With inventory from last year’s crop nearly sold out, Robert
Verloop, executive director of the California Walnut Board and Commission, says the industry is well positioned to start shipping new harvest California walnuts immediately.
Verloop says favorable weather helped produce a large crop of “exceptional” quality that international markets should appreciate.
**Farm bankruptcies as of July have exceeded those for all of 2024.
U.S. News and World Report says low commodity prices now come with higher costs for inputs like fertilizer and equipment.
Climate change has led to deeper, longer droughts and more flooding.
Trade wars aren’t helping with tariffs on other countries’ exports to the U.S. making those products more expensive, and retaliations from some countries like China hitting farmers directly.
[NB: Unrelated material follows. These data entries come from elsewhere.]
Lemma num_divisors_intvl_S b k m1 m2 :
  2 <= b -> num_divisors_is b (intvl_b k) m1 -> num_divisors_is b (intvl_b (S k)) m2 ->
  2 * m1 < m2.
Proof.
  intros Hb Hm1 Hm2.
  set (delta0 := fun a => if a =? 0 then 1 else 0).
  apply (has_card_lt_inj _ _ (fun p => mdivisor b (fst p) (intvl_b k))
           (fun g => mdivisor b g (intvl_b (S k))) (fun p => extend_top (fst p) k (snd p))).
  - intros [g t] Hg. apply extend_top_mdivisor; assumption.
  - intros [g1 t1] [g2 t2] Hg1 Hg2 E. simpl in *.
    destruct (extend_top_inj b k g1 g2 t1 t2 ltac:(lia) Hg1 Hg2 E) as [-> ->]. reflexivity.
  - apply (has_card_pair (fun g => mdivisor b g (intvl_b k))). exact Hm1.
  - exact Hm2.
  - exists delta0. split.
    + apply mdivisor_intvl_of_cover; [lia | | |].
      * intros a. unfold delta0. destruct (a =? 0); lia.
      * intros a. unfold delta0. destruct (Nat.eqb_spec a 0); lia.
      * intros x Hx. exists 0, x. unfold delta0. split; [simpl; lia|]. split; [reflexivity|].
        intros s' Hs'. destruct (Nat.eqb_spec s' 0); lia.
    + intros [g t] _ E. pose proof (equal_f E (S (max_supp g k))) as E1.
      unfold extend_top, delta0 in E1. simpl in E1. rewrite Nat.eqb_refl in E1.
      destruct t; discriminate.
Qed.

Lemma inMb_shift b g : inMb b g -> inMb b (fun a => g (S a)).
Proof.
  intros [Hgb [N HN]]. split; [intros a; apply Hgb|]. exists N. intros a Ha. apply HN. lia.
Qed.

Lemma mdivisor_shift_cofactor b f g :
  1 <= b -> (forall a, f a <= 1) -> f 0 = 0 -> mdivisor b g f -> 1 <= g 0 ->
  mdivisor b g (fun a => f (S a)).
Proof.
  intros Hb Hf Hf0 Hg Hg0. destruct (mdivisor_level1 b g f Hb Hg) as [Hgm [h [Hhm Hs]]].
  apply (mdivisor_of_level1 b g (fun t => h (S t))); [intros a; apply Hf | exact Hgm | |].
  - apply inMb_shift, Hhm.
  - intros a. rewrite (Hs (S a)). unfold level, sumset. split.
    + intros [s [[|t] [Hgs [Hht E]]]].
      * (* 0 is in both supports, so 0 + 0 would lie in the support of f *)
        exfalso. enough (1 <= f 0) by lia. apply Hs. exists 0, 0. auto.
      * exists s, t. repeat split; auto. lia.
    + intros [s [t [Hgs [Hht E]]]]. exists s, (S t). repeat split; auto. lia.
Qed.

Lemma mdivisor_shift b f g :
  1 <= b -> (forall a, f a <= 1) -> mdivisor b g f -> g 0 = 0 ->
  mdivisor b (fun a => g (S a)) (fun a => f (S a)).
Proof.
  intros Hb Hf Hg Hg0. destruct (mdivisor_level1 b g f Hb Hg) as [Hgm [h [Hhm Hs]]].
  apply (mdivisor_of_level1 b _ h); [intros a; apply Hf | apply inMb_shift, Hgm | exact Hhm |].
  intros a. rewrite (Hs (S a)). unfold level, sumset. split.
  - intros [[|s] [t [Hgs [Hht E]]]]; [lia|]. exists s, t. repeat split; auto.
  - intros [s [t [Hgs [Hht E]]]]. exists (S s), t. repeat split; auto. lia.
Qed.

Lemma num_divisors_le_double_shift b f n n' :
  1 <= b -> (forall a, f a <= 1) -> f 0 = 0 ->
  num_divisors_is b f n -> num_divisors_is b (fun a => f (S a)) n' -> n <= 2 * n'.
Proof.
  intros Hb Hf Hf0 Hn Hn'.
  apply (has_card_le_inj _ _ (fun g => mdivisor b g f)
           (fun p => mdivisor b (fst p) (fun a => f (S a)))
           (fun g => if 1 <=? g 0 then (g, true) else (fun a => g (S a), false))).
  - intros g Hg. destruct (Nat.leb_spec 1 (g 0)); simpl.
    + apply mdivisor_shift_cofactor; assumption.
    + apply mdivisor_shift; [assumption | assumption | assumption | lia].
  - intros g1 g2 _ _ E.
    destruct (Nat.leb_spec 1 (g1 0)), (Nat.leb_spec 1 (g2 0)); inversion E as [E']; [reflexivity|].
    apply functional_extensionality. intros [|a]; [lia | exact (equal_f E' a)].
  - exact Hn.
  - apply (has_card_pair (fun g => mdivisor b g (fun a => f (S a)))). exact Hn'.
Qed.

Lemma increasing_enum (p : nat -> bool) n :
  exists len sel,
    (forall i j, i < j < len -> sel i < sel j) /\
    (forall i, i < len -> p (sel i) = true /\ sel i < n) /\
    (forall a, a < n -> p a = true -> exists i, i < len /\ sel i = a).
Proof.
  induction n as [|n [len [sel [Hincr [Hp Hcov]]]]].
  - exists 0, (fun i => i). split; [lia|]. split; lia.
  - destruct (p n) eqn:Hpn.
    + exists (S len), (fun i => if i <? len then sel i else n). split; [|split].
      * intros i j Hij. destruct (Nat.ltb_spec i len), (Nat.ltb_spec j len).
        -- apply Hincr. lia.
        -- specialize (Hp i ltac:(lia)). lia.
        -- lia.
        -- lia.
      * intros i Hi. destruct (Nat.ltb_spec i len).
        -- specialize (Hp i ltac:(lia)). split; [apply Hp | lia].
        -- split; [exact Hpn | lia].
      * intros a Ha Hpa. destruct (Nat.eq_dec a n) as [->|].
        -- exists len. rewrite Nat.ltb_irrefl. split; [lia | reflexivity].
        -- destruct (Hcov a ltac:(lia) Hpa) as [i [Hi <-]]. exists i.
           split; [lia|]. destruct (Nat.ltb_spec i len); [reflexivity | lia].
    + exists len, sel. split; [exact Hincr|]. split.
      * intros i Hi. specialize (Hp i Hi). split; [apply Hp | lia].
      * intros a Ha Hpa. destruct (Nat.eq_dec a n) as [->|]; [congruence|].
        apply Hcov; [lia | exact Hpa].
Qed.

Section RankCompression.

Variables (b k len : nat) (f sel : nat -> nat).
Hypotheses (Hb : 1 <= b) (Hf01 : forall a, f a <= 1) (Hfk : forall a, 1 <= f a -> a <= k)
  (Hf0 : 1 <= f 0).
Hypothesis sel_incr : forall i j, i < j < len -> sel i < sel j.
Hypothesis sel_supp : forall i, i < len -> 1 <= f (sel i).
Hypothesis supp_sel : forall a, 1 <= f a -> exists i, i < len /\ sel i = a.

Lemma sel_gap i j : i <= j < len -> sel i + (j - i) <= sel j.
Proof.
  intros [Hij Hj]. induction j as [|j IH].
  - replace i with 0 by lia. lia.
  - destruct (Nat.eq_dec i (S j)) as [->|]; [lia|].
    specialize (IH ltac:(lia) ltac:(lia)). specialize (sel_incr j (S j) ltac:(lia)). lia.
Qed.

Lemma sel_le_inv i j : i < len -> j < len -> sel i <= sel j -> i <= j.
Proof.
  intros Hi Hj Hle. destruct (le_lt_dec i j) as [|Hji]; [assumption|].
  specialize (sel_incr j i ltac:(lia)). lia.
Qed.

Lemma sel_zero : 0 < len /\ sel 0 = 0.
Proof.
  destruct (supp_sel 0 Hf0) as [i [Hi Hsel]].
  pose proof (sel_gap 0 i ltac:(lia)). split; lia.
Qed.

Lemma sel_full : k < len -> forall a, a <= k -> 1 <= f a.
Proof.
  intros Hk a Ha. pose proof (sel_gap 0 a ltac:(lia)). pose proof (sel_gap a k ltac:(lia)).
  pose proof (Hfk _ (sel_supp k Hk)).
  replace a with (sel a) by lia. apply sel_supp. lia.
Qed.

Definition compress (g : nat -> nat) : nat -> nat :=
  fun i => if i <? len then g (sel i) else 0.

Lemma compress_pos g i : 1 <= compress g i -> i < len /\ 1 <= g (sel i).
Proof. unfold compress. destruct (Nat.ltb_spec i len); [auto | lia]. Qed.

Lemma compress_mdivisor g : mdivisor b g f -> mdivisor b (compress g) (intvl_b k).
Proof.
  intros Hg. destruct (mdivisor_supp_zero b f g Hb Hf0 Hg) as [Hg0 Hgf].
  destruct (mdivisor_level1 b g f Hb Hg) as [[Hgb _] [h [_ Hs]]].
  assert (Hsum : forall s t, 1 <= g s -> 1 <= h t -> s + t <= k).
  { intros s t Hgs Ht. apply Hfk, Hs. exists s, t. auto. }
  assert (Hc0 : 1 <= compress g 0).
  { destruct sel_zero as [Hlen Hsel0]. unfold compress.
    destruct (Nat.ltb_spec 0 len); [rewrite Hsel0; exact Hg0 | lia]. }
  assert (Hck : forall i, 1 <= compress g i -> i <= k).
  { intros i Hi. destruct (compress_pos g i Hi) as [Hil Hgi].
    pose proof (sel_gap 0 i ltac:(lia)). specialize (Hfk _ (Hgf _ Hgi)). lia. }
  destruct (max_supp_spec (compress g) k Hc0) as [Hj0 Hj0max].
  set (j0 := max_supp (compress g) k) in *.
  apply mdivisor_intvl_of_cover; [exact Hb | | exact Hck |].
  - intros i. unfold compress. destruct (i <? len); [apply Hgb | lia].
  - intros x Hx. destruct (le_lt_dec j0 x).
    + exists j0, (x - j0). split; [exact Hj0|]. split; [lia|].
      intros s' Hs'. specialize (Hj0max s' Hs' (Hck s' Hs')). lia.
    + (* Write the x-th element of A as s + t in A = S + T; the rank of s does the job. *)
      assert (Hxl : x < len) by (pose proof (proj1 (compress_pos g j0 Hj0)); lia).
      destruct (proj1 (Hs (sel x)) (sel_supp x Hxl)) as [s [t [Hgs [Ht Hst]]]].
      destruct (supp_sel s (Hgf s Hgs)) as [i [Hi <-]].
      assert (Hix : i <= x) by (apply sel_le_inv; lia).
      exists i, (x - i). split.
      { unfold compress. destruct (Nat.ltb_spec i len); [exact Hgs | lia]. }
      split; [lia|]. intros s' Hs'. destruct (compress_pos g s' Hs') as [Hs'l Hgs'].
      pose proof (sel_gap i x ltac:(lia)). pose proof (sel_gap 0 s' ltac:(lia)).
      specialize (Hsum _ _ Hgs' Ht). lia.
Qed.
**In a press release, the National Association of Farmer Elected Committees reports that FSA offices "are critically understaffed," yet USDA officials have publicly denied those concerns.
NAFEC President, Jim Zumbrink says the word we are consistently hearing is that our county office staffs are critically understaffed.
FSA leaders have indicated staffing levels of county office employees are now under 6,000, compared to several thousand more, just a few years ago.